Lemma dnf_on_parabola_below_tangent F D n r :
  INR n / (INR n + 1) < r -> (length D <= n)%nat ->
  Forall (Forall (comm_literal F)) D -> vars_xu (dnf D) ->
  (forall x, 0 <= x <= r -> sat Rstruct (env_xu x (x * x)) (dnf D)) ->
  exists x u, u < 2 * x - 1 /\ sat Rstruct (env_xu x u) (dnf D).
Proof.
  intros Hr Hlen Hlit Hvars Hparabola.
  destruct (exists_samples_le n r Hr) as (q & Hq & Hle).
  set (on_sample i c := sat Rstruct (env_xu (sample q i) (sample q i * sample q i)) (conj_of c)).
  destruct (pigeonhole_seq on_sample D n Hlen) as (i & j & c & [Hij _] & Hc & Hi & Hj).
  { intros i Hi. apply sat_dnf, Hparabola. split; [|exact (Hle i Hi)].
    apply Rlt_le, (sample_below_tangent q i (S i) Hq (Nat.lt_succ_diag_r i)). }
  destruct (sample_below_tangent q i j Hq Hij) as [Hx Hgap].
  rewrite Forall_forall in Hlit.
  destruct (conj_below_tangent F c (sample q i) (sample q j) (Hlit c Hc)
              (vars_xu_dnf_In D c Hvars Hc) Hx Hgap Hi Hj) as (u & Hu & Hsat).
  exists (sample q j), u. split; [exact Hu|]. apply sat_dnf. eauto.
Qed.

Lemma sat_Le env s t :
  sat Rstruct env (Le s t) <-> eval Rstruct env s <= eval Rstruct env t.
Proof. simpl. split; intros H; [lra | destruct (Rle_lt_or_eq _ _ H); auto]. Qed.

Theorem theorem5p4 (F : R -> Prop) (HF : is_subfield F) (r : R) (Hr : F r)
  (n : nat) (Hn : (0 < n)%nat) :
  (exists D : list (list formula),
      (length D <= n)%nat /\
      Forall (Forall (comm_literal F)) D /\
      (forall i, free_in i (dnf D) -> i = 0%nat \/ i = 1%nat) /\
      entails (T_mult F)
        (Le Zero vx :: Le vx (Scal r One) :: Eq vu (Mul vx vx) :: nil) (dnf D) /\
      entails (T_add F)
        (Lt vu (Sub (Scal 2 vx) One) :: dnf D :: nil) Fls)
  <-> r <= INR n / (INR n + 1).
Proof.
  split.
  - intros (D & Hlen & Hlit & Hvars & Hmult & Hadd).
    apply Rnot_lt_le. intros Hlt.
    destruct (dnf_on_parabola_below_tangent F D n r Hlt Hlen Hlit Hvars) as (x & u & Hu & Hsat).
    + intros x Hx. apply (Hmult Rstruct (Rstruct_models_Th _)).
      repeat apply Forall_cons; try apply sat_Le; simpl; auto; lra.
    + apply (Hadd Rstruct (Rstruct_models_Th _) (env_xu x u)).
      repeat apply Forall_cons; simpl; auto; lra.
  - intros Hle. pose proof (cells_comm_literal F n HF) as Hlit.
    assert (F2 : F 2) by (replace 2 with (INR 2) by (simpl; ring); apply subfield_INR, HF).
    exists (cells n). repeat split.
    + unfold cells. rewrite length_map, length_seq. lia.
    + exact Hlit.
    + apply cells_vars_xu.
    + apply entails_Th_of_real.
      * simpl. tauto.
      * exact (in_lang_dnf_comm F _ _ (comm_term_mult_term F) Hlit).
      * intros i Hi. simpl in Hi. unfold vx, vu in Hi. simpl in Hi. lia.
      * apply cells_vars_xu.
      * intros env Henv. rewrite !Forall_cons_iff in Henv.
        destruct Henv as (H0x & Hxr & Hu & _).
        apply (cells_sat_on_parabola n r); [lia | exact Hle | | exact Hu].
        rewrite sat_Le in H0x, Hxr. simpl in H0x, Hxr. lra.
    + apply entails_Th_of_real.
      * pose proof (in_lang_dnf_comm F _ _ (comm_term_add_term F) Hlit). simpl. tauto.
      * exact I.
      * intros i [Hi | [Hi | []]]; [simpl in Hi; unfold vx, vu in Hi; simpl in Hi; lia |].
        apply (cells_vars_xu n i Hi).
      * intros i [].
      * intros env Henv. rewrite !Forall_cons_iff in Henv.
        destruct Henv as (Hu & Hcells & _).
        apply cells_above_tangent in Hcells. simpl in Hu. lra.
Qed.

┄┄┄┄┄┄┄┄┄┄┄┄┄┄┄┄┄┄┄┄

TASK OBJECTIVE → Bring together all lines of the entries above in which the string "Hadd" occurs.

ANSWER FOR THIS EXERCISE →
  - intros (D & Hlen & Hlit & Hvars & Hmult & Hadd).
    + apply (Hadd Rstruct (Rstruct_models_Th _) (env_xu x u)).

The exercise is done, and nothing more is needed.